Main chain identified by (canary tid=6, ours tid=1) — these are
stable cross-engine identities established by the harness's
alignment, not by raw tid integers. Wedge map intra-run tids
acceptable (ours-only).
- **#39** (composite progression): recon class, NO progression claim
made. VdSwap count UNCHANGED (1), draw count UNCHANGED (0).
- **#40** (single-keystone framing): explicitly NOT proposing any fix.
This iterate verifies prior fixes are clean; it does NOT assert any
one-step cascade unblock.
- **#41** (silent test-harness state leak): CLOSED at the harness
output level by 2.L. Verified empirically — categorized tags emit on
return-value mismatch (sister chain tid=12→7 idx=4), and raw
per-tid idx surfaced on both sides of every divergence.
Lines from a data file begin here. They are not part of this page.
Lemma cell_count_le_col (i : 'I_m) (j : 'I_n) :
  cell_count pi v' h' i j <= 2 * l * (\sum_(j' | j' != j) cell_count pi v' h' i j' + 1).
Proof.
have [_ [_ [_ [h0 [hn _]]]]] := grid'.
set O := \bigcup_(j' | j' != j) [set x | in_cell' x i j'].
apply: leq_trans
  (card_le_separated (O := O) (key := fun x => val x) (res := residue) idx_inj _ _) _.
- move=> q1 q3 y; rewrite !inE => /andP[q1v _] /andP[q3v _] btw.
  have yv : in_line v' i y by apply: in_line_between q1v q3v _; rewrite /strictly_between btw.
  have [j' yh] := in_line_exists h0 hn (ltn_ord (pi y)).
  case: (eqVneq j' j) => [<-|ne]; first by rewrite /Defs.in_cell yv yh.
  by apply/orP; right; apply/bigcupP; exists j' => //; rewrite inE /Defs.in_cell yv yh.
- move=> q1 q2 q3; rewrite !inE => q1Q _ q3Q idx123 /residue_eq e12 /residue_eq e32.
  have [[y yQ btw] _] := coil_cell_separated q1Q q3Q idx123 e12 e32.
  by exists y; rewrite ?inE.
- by rewrite card_ord leq_mul2l leq_add2r card_bigcup_le orbT.
Qed.
End OtherGridding.
End Coil.

Theorem proposition5p5 (m n : nat) (M : 'I_m -> 'I_n -> int)
    (c : 'I_m -> int) (r : 'I_n -> int) (L : nat) (pi : {perm 'I_L})
    (v h : nat -> nat) (l : nat) (v' h' : nat -> nat) :
  gridding_matrix M -> pmm M c r -> has_cycle M ->
  gridded_coil M c r pi v h l ->
  gridding M pi v' h' ->
  (forall (i : 'I_m) (j : 'I_n), (0 < cell_count pi v' h' i j)%N ->
     (cell_count pi v' h' i j <=
        2 * l * ((\sum_(i' : 'I_m | i' != i) cell_count pi v' h' i' j) + 1))%N) /\
  (forall (i : 'I_m) (j : 'I_n), (0 < cell_count pi v' h' i j)%N ->
     (cell_count pi v' h' i j <=
        2 * l * ((\sum_(j' : 'I_n | j' != j) cell_count pi v' h' i j') + 1))%N).
Proof.
(* [gridding_matrix M] is implied by [pmm M c r] on non-zero entries, and the cycle of G_M
   used is the one carried by the coil. *)
move=> _ pmmM _ [grid [lL [p [a [b [[p_gt1 [a_inj [b_inj _]]] [lE]]]]]]].
move=> [lab [lab_inj [lab_edge [_ [sigma [C1 [C2 [C3 C4]]]]]]]] grid'.
pose w s := sigma (insubd (Ordinal lL) s).
have wE (s : 'I_L) : w s = sigma s by rewrite /w valKd.
have idxK q : w (sigma^-1 q)%g = q by rewrite wE permKV.
have l_gt2 : 2 < l by lia.
have coil_in_cell s : s < L -> in_cell pi v h (w s) (lab (s %% l)).1 (lab (s %% l)).2.
  by move=> sL; have := C1 (Ordinal sL); rewrite -wE.
have coil_next s : s.+1 < L -> arrow c r pi v h (w s) (w s.+1).
  by move=> sL; have := C2 (Ordinal (ltnW sL)) (Ordinal sL) erefl; rewrite -!wE.
have coil_back s : s + l.+1 < L -> arrow c r pi v h (w (s + l.+1)) (w s).
  move=> sL; have sL' : s < L by apply: leq_ltn_trans sL; apply: leq_addr.
  by have := C3 (Ordinal sL) (Ordinal sL') erefl; rewrite -!wE.
have coil_back0 : arrow c r pi v h (w l) (w 0).
  by have := C4 (Ordinal lL) (Ordinal (leq_ltn_trans (leq0n l) lL)) erefl erefl; rewrite -!wE.
split=> i j _.
  exact: (cell_count_le_row pmmM grid a_inj b_inj l_gt2 lab_inj lab_edge
            coil_in_cell coil_next coil_back coil_back0 grid' idxK).
exact: (cell_count_le_col pmmM grid a_inj b_inj l_gt2 lab_inj lab_edge
          coil_in_cell coil_next coil_back coil_back0 grid' idxK).
Qed.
- **#42** (Phase-A blind to blocked-forever waits): CLOSED at the
output level by 2.M. Verified empirically — `exit-thread-state.json`
auto-emitted with full 13-thread snapshot + 10-entry wedge map. No
flag required; no manual diag dump needed.
## Next-iterate recommendation (single sentence, no fix proposal)
Two clean leads with the new visibility, in priority order:
**(1)** the sister-chain `[return_value mismatch]` at tid=12→7 idx=4
(KeWaitForSingleObject canary=258 STATUS_TIMEOUT vs ours=0 SUCCESS) is
brand-new actionable data the categorized harness uncovered — worth a
~0-LOC investigation iterate to localize which wait object differs and
why ours's signaler races canary's by < 30ms; **(2)** the main-chain
post-VdSwap branch at 105,286 is the same blocker as Phase C+23 and
remains the strategic target, but is downstream of the install-epoch
gap and likely needs the longer-budget replay (`-n 500000000`) plus the
install-chain investigation already outlined in 2.K/2.J writer-reports.
## Artifacts
Under `xenia-rs/audit-runs/iterate-2N-rebaseline/`:
- `ours-cold.jsonl` (Phase-A trace, 121,569 events, ~28MB, payload
bit-equal to 2.J/2.M)
- `ours-cold.stdout.log` (empty — quiet mode)
- `ours-cold.stderr.log` (single line: 2.M emission notice)
- `exit-thread-state.json` (13 threads + 10 wedge entries; bit-equal to
2.M's)
- `diff-report.md` (categorized harness output: 4 first-divergence
blocks, 1 `[return_value mismatch]` tag, all with raw idx both sides)
- `writer-report.md` (this file)
Canary trace REUSED (not re-captured):
`xenia-rs/audit-runs/phase-c23-keWait-timeout-encoding/canary-cold-trunc.jsonl`
(132MB, 565,773 events, cold-cache 2026-05-18 capture).